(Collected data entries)
(* For the hypercube $Q_n$: $str(Q_2)\ge6$, $str(Q_3)\ge11$, $str(Q_4)\ge21$, and $str(Q_n)\ge 2^n+4n-12$ for all $n\ge5$.
   Context: $Q_n$ is the $n$-dimensional hypercube (vertex set $\mathbb Z_2^n$, adjacency iff differing in exactly one coordinate), of order $2^n$. For a graph $G$ of order $p$, a numbering is a bijection $f:V(G)\to[1,p]$; $str_f(G)=\max\{f(u)+f(v): uv\in E(G)\}$ and $str(G)=\min_f str_f(G)$. *)

From mathcomp Require Import all_boot all_order.
Set Implicit Arguments. Unset Strict Implicit. Unset Printing Implicit Defensive.

Definition hvert (n : nat) := {ffun 'I_n -> bool}.

Definition hadj (n : nat) (u v : hvert n) : bool :=
  #|[set i : 'I_n | u i != v i]| == 1.

(* A numbering of a graph on a finite vertex type V of order p = #|V|:
   a bijection f : V -> [1, p].  We represent it as an injective
   g : V -> 'I_p (hence bijective), with f x = g x + 1. *)
Definition numbering (V : finType) := {ffun V -> 'I_#|V|}.

Definition is_numbering (V : finType) (g : numbering V) : bool := injectiveb g.

Definition numv (V : finType) (g : numbering V) (x : V) : nat := (g x).+1.

Definition strf (V : finType) (e : rel V) (g : numbering V) : nat :=
  \max_(u : V) \max_(v : V | e u v) (numv g u + numv g v).

(* str(G) = min over numberings f of str_f(G).  The default value
   2 * #|V| is an upper bound for every str_f, so it does not affect
   the minimum (the set of numberings is nonempty). *)
Definition strength (V : finType) (e : rel V) : nat :=
  \big[minn/(2 * #|V|)]_(g : numbering V | is_numbering g) strf e g.

Definition str_hypercube (n : nat) : nat := strength (@hadj n).

From mathcomp Require Import all_boot all_order.
From mathcomp Require Import zify.
Set Implicit Arguments. Unset Strict Implicit.

(* Fix a numbering f with strength s = str_f(Q_n), and let y_1, ..., y_k be
   the vertices carrying the k largest labels p, p-1, ..., p-k+1.  Every
   neighbour x of some y_j satisfies f(x) <= s - f(y_j) <= s - p + k - 1, and
   distinct vertices carry distinct labels, so the union N of the
   neighbourhoods of y_1, ..., y_k has at most s - p + k - 1 elements.
   It remains to bound |N| from below using the geometry of Q_n:
   - every neighbourhood has n elements            (k = 1: s >= p + n);
   - two distinct neighbourhoods share <= 2 vertices (k = 2: s >= p + 2n - 3);
   - if three neighbourhoods pairwise meet, they have a common vertex, which
     by inclusion-exclusion gives |N| >= 4n - 9     (k = 4: s >= p + 4n - 12). *)

Lemma xor_indicators_two_points (T : eqType) (i a c e f : T) :
  i != a -> i != c -> a != c ->
  (i == e) (+) (i == f) -> (a == e) (+) (a == f) -> (c == e) (+) (c == f) ->
  False.
Proof.
move=> /eqP ia /eqP ic /eqP ac.
case: (i =P e) => ?; case: (i =P f) => ?; case: (a =P e) => ?;
  case: (a =P f) => ?; case: (c =P e) => ?; case: (c =P f) => ? //= _ _ _;
  congruence.
Qed.

Section Hypercube.
Variable n : nat.
Implicit Types u v w x : hvert n.

Definition flip u (i : 'I_n) : hvert n := [ffun j => u j (+) (j == i)].

Definition nb u : {set hvert n} := [set x | hadj u x].

Lemma flipC u i j : flip (flip u i) j = flip (flip u j) i.
Proof.
by apply/ffunP => k; rewrite !ffunE; case: (u k); case: (k == i); case: (k == j).
Qed.

Lemma flipK u i : flip (flip u i) i = u.
Proof. by apply/ffunP => k; rewrite !ffunE; case: (u k); case: (k == i). Qed.

Lemma flip_inj u : injective (flip u).
Proof.
move=> i j /(congr1 (fun z : hvert n => z i)); rewrite !ffunE eqxx.
by case: (u i); case: eqP.
Qed.

Lemma hadj_sym u x : hadj u x = hadj x u.
Proof.
rewrite /hadj (_ : [set i | u i != x i] = [set i | x i != u i]) //.
by apply/setP => i; rewrite !inE eq_sym.
Qed.

Lemma hadjP u x : reflect (exists i, x = flip u i) (hadj u x).
Proof.
apply: (iffP idP).
- rewrite /hadj => /cards1P [i Hi]; exists i; apply/ffunP => j.
  have := congr1 (fun S : {set 'I_n} => j \in S) Hi.
  by rewrite !inE ffunE; case: (u j); case: (x j) => <-.
- move=> [i ->]; rewrite /hadj (_ : [set j | u j != flip u i j] = [set i]).
    by rewrite cards1.
  by apply/setP => j; rewrite !inE ffunE; case: (u j); case: (j == i).
Qed.

Lemma flip_nb u i : flip u i \in nb u.
Proof. by rewrite inE; apply/hadjP; exists i. Qed.

Lemma card_nb u : #|nb u| = n.
Proof.
have -> : nb u = flip u @: [set: 'I_n].
  apply/setP => x; rewrite inE; apply/hadjP/imsetP.
  - by move=> [i ->]; exists i.
  - by move=> [i _ ->]; exists i.
by rewrite card_imset ?cardsT ?card_ord //; apply: flip_inj.
Qed.

Lemma common_nb_shape u v x : u != v -> x \in nb u -> x \in nb v ->
  exists i j, [/\ i != j, x = flip u i & v = flip (flip u i) j].
Proof.
rewrite !inE => Huv /hadjP [i ->]; rewrite hadj_sym => /hadjP [j Hv].
exists i, j; split=> //.
by apply: contraNneq Huv => Eij; rewrite Hv Eij flipK.
Qed.

(* Distinct vertices of Q_n have at most two common neighbours: once
   v = u + e_i + e_j, only u + e_i and u + e_j qualify. *)
Lemma card_common_nb u v : u != v -> #|nb u :&: nb v| <= 2.
Proof.
move=> Huv; have [-> | [x]] := set_0Vmem (nb u :&: nb v); first by rewrite cards0.
move=> /setIP [Hxu Hxv]; have [i [j [_ _ Hv]]] := common_nb_shape Huv Hxu Hxv.
apply: (@leq_trans #|flip u @: [set i; j]|); last first.
  by apply: leq_trans (leq_imset_card _ _) _; rewrite cards2; case: (i != j).
apply/subset_leq_card/subsetP => y /setIP [Hyu Hyv].
have [i' [j' [Hij' Hy Hv']]] := common_nb_shape Huv Hyu Hyv.
apply/imsetP; exists i' => //.
move: (congr1 (fun z : hvert n => z i') (etrans (esym Hv) Hv')).
rewrite !ffunE eqxx (negbTE Hij') !inE.
by case: (u i'); case: (i' == i); case: (i' == j).
Qed.

Lemma flip_common_nb u i a c :
  [/\ flip u i \in nb u, flip u i \in nb (flip (flip u i) a)
    & flip u i \in nb (flip (flip u i) c)].
Proof.
rewrite flip_nb !inE !(hadj_sym (flip (flip u i) _)).
by split=> //; apply/hadjP; eexists.
Qed.

(* Writing v = u + e_i + e_a and w = u + e_c + e_d, the vertex
   v + w = e_i + e_a + e_c + e_d has weight 2, so {i, a} and {c, d} share an
   index k, and u + e_k is the common neighbour. *)
Lemma common_nb3 u v w : u != v -> u != w -> v != w ->
  nb u :&: nb v != set0 -> nb u :&: nb w != set0 -> nb v :&: nb w != set0 ->
  exists x, [/\ x \in nb u, x \in nb v & x \in nb w].
Proof.
move=> Huv Huw Hvw /set0Pn [x1 /setIP [H1 H2]] /set0Pn [x2 /setIP [H3 H4]]
  /set0Pn [x3 /setIP [H5 H6]].
have [i [a [Hia _ Hv]]] := common_nb_shape Huv H1 H2.
have [c [d [Hcd _ Hw]]] := common_nb_shape Huw H3 H4.
have [e [f [_ _ Hw']]] := common_nb_shape Hvw H5 H6.
(* Coordinatewise, v + w computed from u equals v + w computed from v. *)
have sum_vw k : (k == i) (+) (k == a) (+) (k == e) (+) (k == f)
                = (k == c) (+) (k == d).
  move: (congr1 (fun z : hvert n => z k) (etrans (esym Hw) Hw')).
  by rewrite Hv !ffunE -!addbA; case: (u k) => //= /negb_inj.
clear Hw'; subst v w.
(* If {i, a} and {c, d} were disjoint, the three distinct indices i, a, c
   would all lie in the support of e_e + e_f. *)
have shared : [|| i == c, i == d, a == c | a == d].
  apply/negPn/negP; rewrite !negb_or => /and4P [/negbTE ic /negbTE id
     /negbTE ac /negbTE ad].
  apply: (@xor_indicators_two_points _ i a c e f Hia); [by rewrite ic | by rewrite ac | | | ].
  - by have := sum_vw i; rewrite eqxx ic id (negbTE Hia); case: (i == e); case: (i == f).
  - by have := sum_vw a; rewrite eqxx ac ad (eq_sym a i) (negbTE Hia);
      case: (a == e); case: (a == f).
  - by have := sum_vw c; rewrite eqxx (negbTE Hcd) (eq_sym c i) ic (eq_sym c a) ac;
      case: (c == e); case: (c == f).
case/or4P: shared => /eqP E; [subst c | subst d | subst c | subst d].
- by have [? ? ?] := flip_common_nb u i a d; exists (flip u i).
- by rewrite [flip (flip u c) i]flipC; have [? ? ?] := flip_common_nb u i a c;
    exists (flip u i).
- by rewrite [flip (flip u i) a]flipC; have [? ? ?] := flip_common_nb u a i d;
    exists (flip u a).
- by rewrite [flip (flip u i) a]flipC [flip (flip u c) a]flipC;
    have [? ? ?] := flip_common_nb u a i c; exists (flip u a).
Qed.

End Hypercube.

Lemma cardsU3 (T : finType) (A B C : {set T}) :
  #|A :|: B :|: C| + (#|A :&: B| + #|A :&: C| + #|B :&: C|) =
  #|A| + #|B| + #|C| + #|A :&: B :&: C|.
Proof.
have := cardsUI (A :|: B) C; rewrite setIUl.
have := cardsUI (A :&: C) (B :&: C); rewrite setIACA setIid.
have := cardsUI A B; lia.
Qed.

(* By inclusion-exclusion the
   defect 4n - |A u B u C u D| is at most (sum of pairs) - (sum of triples)
   + |ABCD|; when five or six pairs meet, at least two triples are nonempty,
   and a nonempty ABCD makes all four triples nonempty. *)
Lemma card_union4_lb (T : finType) (A B C D : {set T}) n :
  #|A| = n -> #|B| = n -> #|C| = n -> #|D| = n ->
  #|A :&: B| <= 2 -> #|A :&: C| <= 2 -> #|A :&: D| <= 2 ->
  #|B :&: C| <= 2 -> #|B :&: D| <= 2 -> #|C :&: D| <= 2 ->
  (0 < #|A :&: B| -> 0 < #|A :&: C| -> 0 < #|B :&: C| -> 0 < #|A :&: B :&: C|) ->
  (0 < #|A :&: B| -> 0 < #|A :&: D| -> 0 < #|B :&: D| -> 0 < #|A :&: B :&: D|) ->
  (0 < #|A :&: C| -> 0 < #|A :&: D| -> 0 < #|C :&: D| -> 0 < #|A :&: C :&: D|) ->
  (0 < #|B :&: C| -> 0 < #|B :&: D| -> 0 < #|C :&: D| -> 0 < #|B :&: C :&: D|) ->
  4 * n <= #|A :|: B :|: C :|: D| + 9.
Proof.
move=> hA hB hC hD pAB pAC pAD pBC pBD pCD tABC tABD tACD tBCD.
have UD := cardsUI (A :|: B :|: C) D; rewrite !setIUl in UD.
have U3 := cardsU3 A B C.
have U3D := cardsU3 (A :&: D) (B :&: D) (C :&: D).
have setIDD (X Y : {set T}) : (X :&: D) :&: (Y :&: D) = X :&: Y :&: D.
  by rewrite setIACA setIid.
rewrite !setIDD in U3D.
have qABC : #|A :&: B :&: C :&: D| <= #|A :&: B :&: C|.
  exact/subset_leq_card/subsetIl.
have qABD : #|A :&: B :&: C :&: D| <= #|A :&: B :&: D|.
  exact/subset_leq_card/setSI/subsetIl.
have qACD : #|A :&: B :&: C :&: D| <= #|A :&: C :&: D|.
  exact/subset_leq_card/setSI/setSI/subsetIl.
have qBCD : #|A :&: B :&: C :&: D| <= #|B :&: C :&: D|.
  by apply/subset_leq_card/setSI; rewrite -setIA subsetIr.
lia.
Qed.

Lemma card_hvert n : #|hvert n| = 2 ^ n.
Proof. by rewrite card_ffun card_bool card_ord. Qed.

Section Labelling.
Variable n : nat.
Local Notation V := (hvert n).
Local Notation p := #|V|.
Variable g : numbering V.
Hypothesis g_inj : injective g.
Local Notation s := (strf (@hadj n) g).

Lemma edge_sum_le (y x : V) : hadj y x -> numv g y + numv g x <= s.
Proof.
move=> Hyx; apply: leq_trans (leq_bigmax y).
exact: (@leq_bigmax_cond _ (hadj y) (fun v => numv g y + numv g v) x Hyx).
Qed.

Lemma label_onto (j : nat) : j < p -> exists y, nat_of_ord (g y) = j.
Proof.
move=> Hj; have := inj_card_onto g_inj (eq_leq (card_ord _)) (Ordinal Hj).
by case/codomP => y Hy; exists y; rewrite -Hy.
Qed.

Lemma label_neq (y y' : V) (i j : nat) :
  nat_of_ord (g y) = i -> nat_of_ord (g y') = j -> i != j -> y != y'.
Proof. by move=> <- <-; apply: contra_neq => ->. Qed.

(* The key counting step: if every vertex of N is adjacent to a vertex
   carrying one of the k largest labels, then the labels of N are distinct
   values in [1, s + k - p - 1], so #|N| <= s + k - p - 1. *)
Lemma card_nb_top_le (N : {set V}) k :
  (forall x, x \in N -> exists y, hadj y x /\ p <= g y + k) ->
  #|N| <= s + k - p - 1.
Proof.
move=> HN.
rewrite cardE -(size_map (fun x => nat_of_ord (g x))) -(size_iota 0 (s + k - p - 1)).
apply: uniq_leq_size.
  by rewrite map_inj_uniq ?enum_uniq // => x1 x2 /ord_inj; apply: g_inj.
move=> z /mapP [x]; rewrite mem_enum => /HN [y [Hyx Hy]] ->.
by have := edge_sum_le Hyx; rewrite /numv mem_iota; lia.
Qed.

Lemma strf_top1 : 1 <= n -> 2 ^ n + n <= s.
Proof.
rewrite -card_hvert => Hn; have Hp : 0 < p by rewrite card_hvert expn_gt0.
have [y1 H1] := label_onto (j := p - 1) ltac:(lia).
suff: #|nb y1| <= s + 1 - p - 1 by rewrite card_nb; lia.
by apply: card_nb_top_le => x; rewrite inE => Hx; exists y1; split=> //; lia.
Qed.

Lemma strf_top2 : 2 <= n -> 2 ^ n + 2 * n <= s + 3.
Proof.
move=> Hn; have Hp : 2 <= p.
  by rewrite card_hvert (leq_trans _ (leq_pexp2l _ (ltnW Hn))).
rewrite -card_hvert.
have [y1 H1] := label_onto (j := p - 1) ltac:(lia).
have [y2 H2] := label_onto (j := p - 2) ltac:(lia).
have y12 : y1 != y2 by apply: label_neq H1 H2 _; lia.
have := cardsUI (nb y1) (nb y2); rewrite !card_nb.
have := card_common_nb y12.
suff: #|nb y1 :|: nb y2| <= s + 2 - p - 1 by lia.
apply: card_nb_top_le => x; rewrite !inE => /orP [] Hx;
  [exists y1 | exists y2]; split=> //; lia.
Qed.

(* Pairwise-meeting neighbourhoods of three distinct vertices have a
   common vertex, in the cardinality form used by [card_union4_lb]. *)
Lemma card_common_nb3 (u v w : V) : u != v -> u != w -> v != w ->
  0 < #|nb u :&: nb v| -> 0 < #|nb u :&: nb w| -> 0 < #|nb v :&: nb w| ->
  0 < #|nb u :&: nb v :&: nb w|.
Proof.
move=> Huv Huw Hvw; rewrite !card_gt0 => Iuv Iuw Ivw.
have [x [Xu Xv Xw]] := common_nb3 Huv Huw Hvw Iuv Iuw Ivw.
by apply/set0Pn; exists x; rewrite !in_setI Xu Xv Xw.
Qed.

Lemma strf_top4 : 3 <= n -> 2 ^ n + 4 * n <= s + 12.
Proof.
move=> Hn; have Hp : 4 <= p.
  by rewrite card_hvert (leq_trans _ (leq_pexp2l _ (ltnW Hn))).
rewrite -card_hvert.
have [y1 H1] := label_onto (j := p - 1) ltac:(lia).
have [y2 H2] := label_onto (j := p - 2) ltac:(lia).
have [y3 H3] := label_onto (j := p - 3) ltac:(lia).
have [y4 H4] := label_onto (j := p - 4) ltac:(lia).
have y12 : y1 != y2 by apply: label_neq H1 H2 _; lia.
have y13 : y1 != y3 by apply: label_neq H1 H3 _; lia.
have y14 : y1 != y4 by apply: label_neq H1 H4 _; lia.
have y23 : y2 != y3 by apply: label_neq H2 H3 _; lia.
have y24 : y2 != y4 by apply: label_neq H2 H4 _; lia.
have y34 : y3 != y4 by apply: label_neq H3 H4 _; lia.
have := card_union4_lb (card_nb y1) (card_nb y2) (card_nb y3) (card_nb y4)
  (card_common_nb y12) (card_common_nb y13) (card_common_nb y14)
  (card_common_nb y23) (card_common_nb y24) (card_common_nb y34)
  (card_common_nb3 y12 y13 y23) (card_common_nb3 y12 y14 y24)
  (card_common_nb3 y13 y14 y34) (card_common_nb3 y23 y24 y34).
suff: #|nb y1 :|: nb y2 :|: nb y3 :|: nb y4| <= s + 4 - p - 1 by lia.
apply: card_nb_top_le => x; rewrite !inE => /orP [/orP [/orP [] | ] | ] Hx;
  [exists y1 | exists y2 | exists y3 | exists y4]; split=> //; lia.
Qed.

End Labelling.

(* To bound str(Q_n) from below it suffices to bound every str_f; the
   default value 2p of the minimum is harmless as long as L <= 2p. *)
Lemma str_hypercube_ge n L : L <= 2 * 2 ^ n ->
  (forall g : numbering (hvert n), injective g -> L <= strf (@hadj n) g) ->
  L <= str_hypercube n.
Proof.
move=> L_le H; apply: (big_ind (fun x => L <= x)).
- by rewrite card_hvert.
- by move=> x y Hx Hy; rewrite leq_min Hx Hy.
- by move=> g /injectiveP; apply: H.
Qed.

Lemma four_mul_le_exp2 n : 4 <= n -> 4 * n <= 2 ^ n.
Proof.
elim: n => [|n IH] //; rewrite ltnS leq_eqVlt => /orP [/eqP <- //|Hn].
by rewrite expnS; have := IH Hn; lia.
Qed.

Theorem mainTheorem17 :
  6 <= str_hypercube 2 /\ 11 <= str_hypercube 3 /\ 21 <= str_hypercube 4 /\
  (forall n : nat, 5 <= n -> 2 ^ n + 4 * n - 12 <= str_hypercube n).
Proof.
split; [|split; [|split]].
- by apply: str_hypercube_ge => // g g_inj; apply: (strf_top1 g_inj).
- by apply: str_hypercube_ge => // g g_inj; apply: (strf_top1 g_inj).
- apply: str_hypercube_ge => // g g_inj.
  by have := strf_top2 g_inj isT; lia.
- move=> n Hn; have exp_ge := four_mul_le_exp2 (ltnW Hn).
  apply: str_hypercube_ge => [|g g_inj]; first lia.
  by have := strf_top4 g_inj (ltnW (ltnW Hn)); lia.
Qed.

◆ Exercise details ◆
Starting at the line above that contains "Lemma common_nb3 u", repeat each line exactly up to and including the line that contains "(* Coordinatewise, v", and stop there.

◆ Exercise solution ◆
Lemma common_nb3 u v w : u != v -> u != w -> v != w ->
  nb u :&: nb v != set0 -> nb u :&: nb w != set0 -> nb v :&: nb w != set0 ->
  exists x, [/\ x \in nb u, x \in nb v & x \in nb w].
Proof.
move=> Huv Huw Hvw /set0Pn [x1 /setIP [H1 H2]] /set0Pn [x2 /setIP [H3 H4]]
  /set0Pn [x3 /setIP [H5 H6]].
have [i [a [Hia _ Hv]]] := common_nb_shape Huv H1 H2.
have [c [d [Hcd _ Hw]]] := common_nb_shape Huw H3 H4.
have [e [f [_ _ Hw']]] := common_nb_shape Hvw H5 H6.
(* Coordinatewise, v + w computed from u equals v + w computed from v. *)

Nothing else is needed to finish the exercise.